Friday, March 22, 2013

I Did It My Way by Phillip Hoyle


     The hit song from old Blue Eyes made a new impression on me the first time I heard it played at a gay bar. That night at the Bailey Street Where House the song caught my attention due to its stylistic contrast with several disco songs played, pieces by the Village People, Bee Gees, and Donna Sommers. In the context of a gay bar, the song seemed an anthem or hymn of those gathered. I duly noted its inclusion as one among many indications of community for the qualitative research project I was pursuing in a course “Community Contexts of Ministry.” In this way my theological education at Texas Christian University’s Brite Divinity School brought me closer to the gay world and to my eventual inclusion within that community. 

     I had chosen the gay bar setting from a suggestion list, noting at the time that one other person had indicated his intention to do the same, a guy I had recently met at a gathering sponsored by the Christian Church (Disciples of Christ) in the Southwest. Four seminarians went that evening to observe and, of course, to drink a few beers. I got my hazel eyes full of interesting sights, signs of community as I interpreted them in my field observation report, and my ears full of other indicators that something fine and interesting was going on in this bar. I made several return trips that semester and learned things I wanted to know about gay life and, furthermore, came away with the impression that while my friend seemed defended against what the place represented, he also seemed comfortable and interested. I had no plan for his and my interests to converge at a personal level but was acutely aware of the attraction of gay community I observed there and my own comfort within the setting.

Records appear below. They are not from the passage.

(* Let $\mathcal A$ be a category with finite colimits and initial object $\emptyset$, let $(\mathcal B,\Theta)$ be a category with nullhomotopies satisfying the reduced interchange, and let $\mathcal F\colon\mathcal A\to\mathcal B$ be a functor such that (a) $\mathcal F$ sends finite colimits of $\mathcal A$ to finite colimits of $\mathcal B$ which are $\Theta$-strong, and (b) for every arrow $a$ of $\mathcal A$, the arrow $\mathcal F(a)$ has a strong $\Theta$-cokernel in $\mathcal B$. Then there exists a morphism of categories with nullhomotopies $\widehat{\mathcal F}\colon(\mathrm{Arr}(\mathcal A),\Theta_\Delta)\to(\mathcal B,\Theta)$ which sends $\Theta_\Delta$-cokernels to strong $\Theta$-cokernels and satisfies $\Gamma\cdot\widehat{\mathcal F}\cong\mathcal F$; moreover such a morphism is unique up to isomorphism. Furthermore, $\widehat{\mathcal F}$ sends finite colimits of $\mathrm{Arr}(\mathcal A)$ to finite colimits of $\mathcal B$ which are $\Theta$-strong.
   Context: Composition is written diagrammatically: for $f\colon A\to B$, $g\colon B\to C$, $f\cdot g\colon A\to C$. A structure of nullhomotopies $\Theta$ on a category $\mathcal B$ consists of: for each arrow $g$ a set $\Theta(g)$ (nullhomotopies on $g$), and for each composable $A\xrightarrow{f}B\xrightarrow{g}C\xrightarrow{h}D$ a map $f\circ-\circ h\colon\Theta(g)\to\Theta(f\cdot g\cdot h)$ such that $(f'\cdot f)\circ\varphi\circ(h\cdot h')=f'\circ(f\circ\varphi\circ h)\circ h'$ and $\mathrm{id}\circ\varphi\circ\mathrm{id}=\varphi$. One writes $f\circ\varphi$ and $\varphi\circ h$ when the other arrow is an identity. Reduced interchange: for all $f\colon A\to B$, $g\colon B\to C$, $\alpha\in\Theta(f)$, $\beta\in\Theta(g)$, one has $\alpha\circ g=f\circ\beta$ in $\Theta(f\cdot g)$. $\mathrm{Arr}(\mathcal A)$: objects are arrows $b\colon B\to B_0$ of $\mathcal A$, written $(B,b,B_0)$; arrows $(g,g_0)\colon(B,b,B_0)\to(C,c,C_0)$ are pairs with $b\cdot g_0=g\cdot c$. Its structure $\Theta_\Delta$: $\Theta_\Delta(g,g_0)=\{\varphi\colon B_0\to C\mid b\cdot\varphi=g,\ \varphi\cdot c=g_0\}$, with $(f,f_0)\circ\varphi\circ(h,h_0)=f_0\cdot\varphi\cdot h$. $\Gamma\colon\mathcal A\to\mathrm{Arr}(\mathcal A)$ sends $X$ to $(\emptyset,\emptyset_X,X)$ (where $\emptyset_X\colon\emptyset\to X$ is the unique arrow) and $g_0$ to $(\mathrm{id}_\emptyset,g_0)$. A morphism $\mathcal F\colon(\mathcal A,\Theta_{\mathcal A})\to(\mathcal B,\Theta_{\mathcal B})$ is a functor with maps $\mathcal F_g\colon\Theta_{\mathcal A}(g)\to\Theta_{\mathcal B}(\mathcal F g)$ such that $\mathcal F_{f\cdot g\cdot h}(f\circ\varphi\circ h)=\mathcal F f\circ\mathcal F_g(\varphi)\circ\mathcal F h$. A 2-morphism $\alpha\colon\mathcal F\Rightarrow\mathcal G$ between morphisms is a natural transformation with $\alpha_B\circ\mathcal G_g(\varphi)=\mathcal F_g(\varphi)\circ\alpha_C$ for all $g\colon B\to C$, $\varphi\in\Theta(g)$. Isomorphism means invertible 2-morphism. A $\Theta$-cokernel of $g\colon B\to C$ is a triple $(\mathcal C(g),\,c_g\colon C\to\mathcal C(g),\,\gamma_g\in\Theta(g\cdot c_g))$ such that for every $(D,\,h\colon C\to D,\,\varphi\in\Theta(g\cdot h))$ there is a unique $h'\colon\mathcal C(g)\to D$ with $c_g\cdot h'=h$ and $\gamma_g\circ h'=\varphi$. It is strong if for every $(D,\,h\colon\mathcal C(g)\to D,\,\varphi\in\Theta(c_g\cdot h))$ with $g\circ\varphi=\gamma_g\circ h$ there is a unique $\varphi'\in\Theta(h)$ with $c_g\circ\varphi'=\varphi$. A morphism sends $\Theta_\Delta$-cokernels to strong $\Theta$-cokernels if it maps each $\Theta_\Delta$-cokernel triple to a strong $\Theta$-cokernel triple of the image arrow. A colimit $\{i_D\colon\mathcal F D\to\mathrm{colim}\,\mathcal F\}_{D}$ of $\mathcal F\colon\mathcal D\to\mathcal B$ is $\Theta$-strong if for every object $X$ and every family $(\tau^a_D\colon\mathcal FD\to X,\ \tau^n_D\in\Theta(\tau^a_D))_{D\in\mathcal D}$ with $\mathcal F(g)\cdot\tau^a_{D'}=\tau^a_D$ and $\mathcal F(g)\circ\tau^n_{D'}=\tau^n_D$ for all $g\colon D\to D'$, there is a unique $t^n\in\Theta(t^a)$ with $i_D\circ t^n=\tau^n_D$ for all $D$, where $t^a$ is the induced arrow with $i_D\cdot t^a=\tau^a_D$. *)

From Stdlib Require Import List ProofIrrelevance.
Set Implicit Arguments.
Unset Strict Implicit.

Record Category := {
  Ob :> Type;
  Hom : Ob -> Ob -> Type;
  idm : forall X, Hom X X;
  comp : forall X Y Z, Hom X Y -> Hom Y Z -> Hom X Z;
  comp_id_l : forall X Y (f : Hom X Y), comp (idm X) f = f;
  comp_id_r : forall X Y (f : Hom X Y), comp f (idm Y) = f;
  comp_assoc : forall W X Y Z (f : Hom W X) (g : Hom X Y) (h : Hom Y Z),
      comp (comp f g) h = comp f (comp g h)
}.
Arguments Hom {c} _ _.
Arguments idm {c} X.
Arguments comp {c X Y Z} _ _.
Notation "f ⋅ g" := (comp f g) (at level 40, left associativity).

Record Functor (C D : Category) := {
  fob :> Ob C -> Ob D;
  fmap : forall X Y, Hom X Y -> Hom (fob X) (fob Y);
  fmap_id : forall X, fmap (idm X) = idm (fob X);
  fmap_comp : forall X Y Z (f : Hom X Y) (g : Hom Y Z), fmap (f ⋅ g) = fmap f ⋅ fmap g
}.
Arguments fmap {C D} f0 {X Y} _.

Program Definition fcomp {C D E : Category} (F : Functor C D) (G : Functor D E) : Functor C E :=
  {| fob := fun X => G (F X); fmap := fun X Y f => fmap G (fmap F f) |}.
Next Obligation. rewrite !fmap_id; reflexivity. Qed.
Next Obligation. rewrite !fmap_comp; reflexivity. Qed.

Unset Implicit Arguments.
Definition natural {C D : Category} (F G : Functor C D) (a : forall X, Hom (F X) (G X)) :=
  forall X Y (f : Hom X Y), fmap F f ⋅ a Y = a X ⋅ fmap G f.

Definition nat_iso {C D : Category} (F G : Functor C D) : Prop :=
  exists (a : forall X, Hom (F X) (G X)) (b : forall X, Hom (G X) (F X)),
    natural F G a /\ natural G F b /\
    (forall X, a X ⋅ b X = idm (F X)) /\ (forall X, b X ⋅ a X = idm (G X)).

(* ---------- Structures of nullhomotopies ----------
   Encoded fibrewise: NH X Y is the disjoint union over g : X -> Y of Theta(g);
   bd phi is the arrow g with phi in Theta(g); wh f phi h is  f o phi o h. *)
Set Implicit Arguments.
Record NHStruct (C : Category) := {
  NH : Ob C -> Ob C -> Type;
  bd : forall X Y, NH X Y -> Hom X Y;
  wh : forall X0 X1 X2 X3, Hom X0 X1 -> NH X1 X2 -> Hom X2 X3 -> NH X0 X3;
  bd_wh : forall X0 X1 X2 X3 (f : Hom X0 X1) (p : NH X1 X2) (h : Hom X2 X3),
      bd (wh f p h) = f ⋅ bd p ⋅ h;
  wh_comp : forall X0' X0 X1 X2 X3 X3' (f' : Hom X0' X0) (f : Hom X0 X1) (p : NH X1 X2)
      (h : Hom X2 X3) (h' : Hom X3 X3'),
      wh (f' ⋅ f) p (h ⋅ h') = wh f' (wh f p h) h';
  wh_id : forall X Y (p : NH X Y), wh (idm X) p (idm Y) = p
}.
Arguments NH {C} n _ _.
Arguments bd {C} n {X Y} _.
Arguments wh {C} n {X0 X1 X2 X3} _ _ _.

(* reduced interchange: alpha o g = f o beta, for alpha in Theta(f), beta in Theta(g) *)
Unset Implicit Arguments.
Definition reduced_interchange {C : Category} (T : NHStruct C) : Prop :=
  forall X Y Z (f : Hom X Y) (g : Hom Y Z) (a : NH T X Y) (b : NH T Y Z),
    bd T a = f -> bd T b = g -> wh T (idm X) a g = wh T f b (idm Z).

     That semester I also observed a community organizing project and reported it with the same fascination and detail as I did in my description of the gay bar. I didn’t feel like I had to cover myself. I already knew my interest in men, my feelings of sexual attraction to some men. I was fine with the feelings. My life was headed in a family and career direction that I was not going to forsake. But like a cat, I tend to be interested in what is going on around me. I’m curious and entertained by happenings in my peripheral vision, especially if they seem novel. Seeing lots of guys dancing together in a bar certainly was novel and having the luxury of a plausible excuse for watching the show let me feel its deep fascination. The date: fall 1978, before the AIDS crisis, a time of nearly unbridled passion that was easy to see revealed in that bar. I saw and liked it, but I saw more.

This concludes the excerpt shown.